Quand j’étais enfant et qu’on s’insultait dans la cour d’école, répondre « toi-même » à ton ennemi signifiait abdiquer : c’était la fin d’une lutte d’insultes. C’était habituellement crié, le visage rouge et les oreilles bourdonnantes. « Toi-même ! ». On le savait, quand on le disait, que la technique du miroir n’aurait aucun effet, que les insultes ne rebondiraient pas de nous vers l’autre, mais qu’au contraire elles avaient réussi à s’infiltrer, à nous blesser. Toi-même était le signe du désespoir.

C’est en parlant de la culture DIY avec Manuel, que ce souvenir d’enfance m’est revenu. Gagnant en popularité dans les années 70, le mouvement DIY proposait de s’émanciper de la société de consommation en revalorisant les savoirs techniques et artisanaux.
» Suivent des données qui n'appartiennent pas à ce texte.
(* Let $E_1=(\bar S,\bar V_1,\bar I_1,0)$, with $\bar S,\bar V_1,\bar I_1>0$, be a single-strain ($I_1$)-infection equilibrium of the model. Let $\bar{\mathcal{R}}_2=\frac{1}{\alpha_2}\frac{\partial F_2}{\partial I_2}(\bar S,0)+\frac{k\bar V_1}{\alpha_2}$. Then $E_1$ is unstable if $\bar{\mathcal{R}}_2>1$ and locally asymptotically stable if $\bar{\mathcal{R}}_2<1$.
   Context: The model is $\dot S=\Lambda-F_1(S,I_1)-F_2(S,I_2)-\lambda S$, $\dot V_1=rS-(\mu+kI_2)V_1$, $\dot I_1=F_1(S,I_1)-\alpha_1I_1$, $\dot I_2=F_2(S,I_2)+kI_2V_1-\alpha_2I_2$ on $\mathbb{R}^4_+$. The constants $\Lambda,\mu,r,k,\gamma_1,\gamma_2>0$ and $v_1,v_2\ge0$; $\lambda=r+\mu$ and $\alpha_i=\gamma_i+v_i+\mu$. For $i=1,2$ the incidence functions satisfy: - (H1) $F_i(S,I_i)=I_if_i(S,I_i)$ with $F_i,f_i\in C^2(\mathbb{R}^2_+,\mathbb{R}_+)$ and $F_i(0,I_i)=F_i(S,0)=0$; - (H2) $\partial f_i/\partial S>0$ and $\partial f_i/\partial I_i\le0$; - (H3) $\lim_{I_i\to0^+}F_i(S,I_i)/I_i$ exists and is positive for $S>0$. *)

From Stdlib Require Import Reals.
From Coquelicot Require Import Coquelicot.
Open Scope R_scope.

Definition d1 (F : R -> R -> R) (x y : R) : R := Derive (fun u => F u y) x.
Definition d2 (F : R -> R -> R) (x y : R) : R := Derive (fun v => F x v) y.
Devant la difficulté de changer le monde, le mouvement DIY proposait l’alternative de concevoir le sien de ses propres mains, en marge du système, par le partage d’instructions, d’astuces et techniques de construction d’objets divers. DIY, do it yourself, est normalement traduit en français par fait-maison. De manière littérale, je le traduis dans ma tête par fais-le toi-même. IKEA et d’autres multinationales proposent une vision édulcorée du DIY : à l’aide d’instructions, ils demandent aux acheteurs d’assembler eux-mêmes leurs produits, insérant le travail bénévole des clients dans la chaîne de production. Fais-le toi-même. C’est face à cette récupération contemporaine du DIY que j’entends dans fais-le toi-même, le « toi-même ! » de l’enfance, sa colère et son sentiment d’impuissance.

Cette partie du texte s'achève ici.